Adaptive Pathways – faster access for end users to innovative medicines?
25.5.2016
The precondition for a medicinal product to receive a marketing authorisation is that the product is effective, safe and of high quality. Market access and particularly end-user access to new innovative medicinal products takes often a long time, even over a decade. Time is usually just that commodity that a patient with a serious or rare disease does not have at their disposal. A solution to this problem is sought through the adaptive pathways pilot project launched by the European Medicines Agency (EMA).
Adaptive pathways – what is it about?
In March 2014, the EMA announced that they will be launching an adaptive pathways pilot project with the purpose of accelerating patient access to new medicinal products in case of diseases with high medical need for new treatments. After several different phases, six new medicinal products out of a total of 34 applications were selected in the final EMA pilot project.

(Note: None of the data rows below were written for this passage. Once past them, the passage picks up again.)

(* Let $\mu$ be a probability measure on a finitely generated group $\Gamma$ inducing an irreducible and aperiodic random walk $p(x,y)=\mu(x^{-1}y)$ with spectral radius $\rho$, which satisfies a ratio limit theorem with kernel $h$ such that $Ph=hP=\rho\,h$ (matrix products). Let $R_\mu=\{y\in\Gamma: H(x,y)=H(x,e)\text{ for all }x\in\Gamma\}$. Suppose that $R_\mu$ is infinite, and let $\xi$ be its unique accumulation point in the ratio limit boundary. If $x\mapsto H(x,\xi)$ is a minimal $\rho$-harmonic function, then $g\xi=\xi$ for every $g\in\Gamma$.
   Context: Ratio limit theorem: $h(x,y)=\lim_n p^{(n)}(x,y)/p^{(n)}(e,e)\in(0,\infty)$ exists for all $x,y\in\Gamma$ ($e$ the identity); ratio limit kernel $H(x,y)=h(x,y)/h(e,y)$; by group invariance $h(gx,gy)=h(x,y)$. The ratio limit compactification is the unique (up to homeomorphism fixing $\Gamma$) compact Hausdorff space containing $\Gamma$ as discrete open dense subset to which each $H(x,\cdot)$ extends continuously (extension also denoted $H$) and whose boundary points are separated by these extensions; the left action of $\Gamma$ on itself extends to a continuous action on it. $R_\mu$ is a subgroup; if infinite, it has a unique accumulation point $\xi$ in the boundary with $H(x,y)=H(x,\xi)$ for $y\in R_\mu$. A function $f:\Gamma\to\mathbb R$ is $\rho$-harmonic if $\sum_w p(x,w)f(w)=\rho f(x)$ for all $x$; a positive $\rho$-harmonic $f$ is minimal if $f(e)=1$ and $f$ is not a convex combination of two distinct positive $\rho$-harmonic functions with value $1$ at $e$. *)

From HB Require Import structures.
From mathcomp Require Import all_boot all_order all_algebra.
From mathcomp Require Import all_classical all_reals all_analysis.
Set Implicit Arguments. Unset Strict Implicit. Unset Printing Implicit Defensive.
Import Order.TTheory GRing.Theory Num.Theory numFieldNormedType.Exports.
Local Open Scope classical_set_scope.
Local Open Scope ring_scope.

Record group_law (G : Type) := GroupLaw {
  gmul : G -> G -> G;
  ginv : G -> G;
  gone : G;
  gmulA : forall x y z, gmul x (gmul y z) = gmul (gmul x y) z;
  gmul1 : forall x, gmul gone x = x;
  gmulV : forall x, gmul (ginv x) x = gone }.

Inductive generated (G : eqType) (L : group_law G) (S : seq G) : G -> Prop :=
  | gen_one : generated L S (gone L)
  | gen_mul s x : s \in S -> generated L S x -> generated L S (gmul L s x)
  | gen_mulinv s x : s \in S -> generated L S x ->
                     generated L S (gmul L (ginv L s) x).

Definition finitely_generated (G : eqType) (L : group_law G) :=
  exists S : seq G, forall x, generated L S x.

Section RW.
Context {R : realType} {G : choiceType} (L : group_law G) (mu : G -> R).

Definition ptrans (x y : G) : R := mu (gmul L (ginv L x) y).

Fixpoint pn (n : nat) (x y : G) : R :=
  match n with
  | 0 => if `[< x = y >] then 1 else 0
  | n.+1 => fine (\esum_(w in [set: G]) ((pn n x w) * ptrans w y)%:E)%E
  end.

Definition is_prob_measure :=
  (forall x, 0 <= mu x) /\ (\esum_(x in [set: G]) (mu x)%:E = 1%E).

Definition irreducible_rw := forall x y, exists n, 0 < pn n x y.

(* period of the identity (= of every state) is 1 *)
Definition aperiodic_rw :=
  forall d : nat, (forall n, 0 < pn n (gone L) (gone L) -> (d %| n)%N) -> d = 1%N.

Adaptive pathways process is based on an existing European Union regulatory framework for medicines and the purpose is to improve the timely access for patients to new medicinal products. The process would provide new products with a possibility to receive a conditional approval based on early clinic data either in a limited indication or patient population. After this, the results would be confirmed by utilising, in addition to clinic research data, Real World Data based on the actual usage of the product related to its effectiveness and safety. On the basis of the received data, the indication of the product could be potentially expanded. Adaptive pathways process builds on early involvement of both patients and health-technology-assessment bodies in discussions on a medicine’s development.
Adaptive pathways – what does it involve?
The preliminary report of the pilot project is intended to be published in the first quarter of 2016, and the end report concerning the six products is expected by the end of 2016, once the scientific evidence has been peer-reviewed.
An accelerated marketing authorisation and market access alone would not currently mean that all needy patients would have quicker access to the product. Since increasingly more new medicinal products are self administered, prior to authorised reimbursement they might be inaccessible for the majority of patients due to high prices. After the potential early market access of the product, a question arises concerning the payer of the treatment and how products that received market access through the adaptive pathway process would be treated in national reimbursement systems.
How the eventual adoption of adaptive pathways process would impact the pricing and reimbursement processes and system in Finland is yet completely unclear. In order to accelerate the marketing authorisation process and the market access of medicinal products, attention should be paid to the reassessment of national medicinal reimbursement processes and their grounds. The adoption of the process would also require further cooperation between the industry, decision-making authorities and patients.
In Finland, cooperation between the industry and authorities has become closer in recent times, and for example, the Pharmaceuticals Pricing Board has organised the first hearing event for pharmaceutical companies. Companies were reserved a possibility to present their current information on ambulatory care medicines under development and those that might access the market in the coming years as well as on new eventual indications of products already in the market. The Pharmaceuticals Pricing Board has also reported deepening cooperation with patient organisations by taking into account the role of patient organisations in a more extensive manner as part of the processing of medicine reimbursement applications.
Winds of change are in the air, and the preliminary prognosis is that the gusts of wind benefit the patients.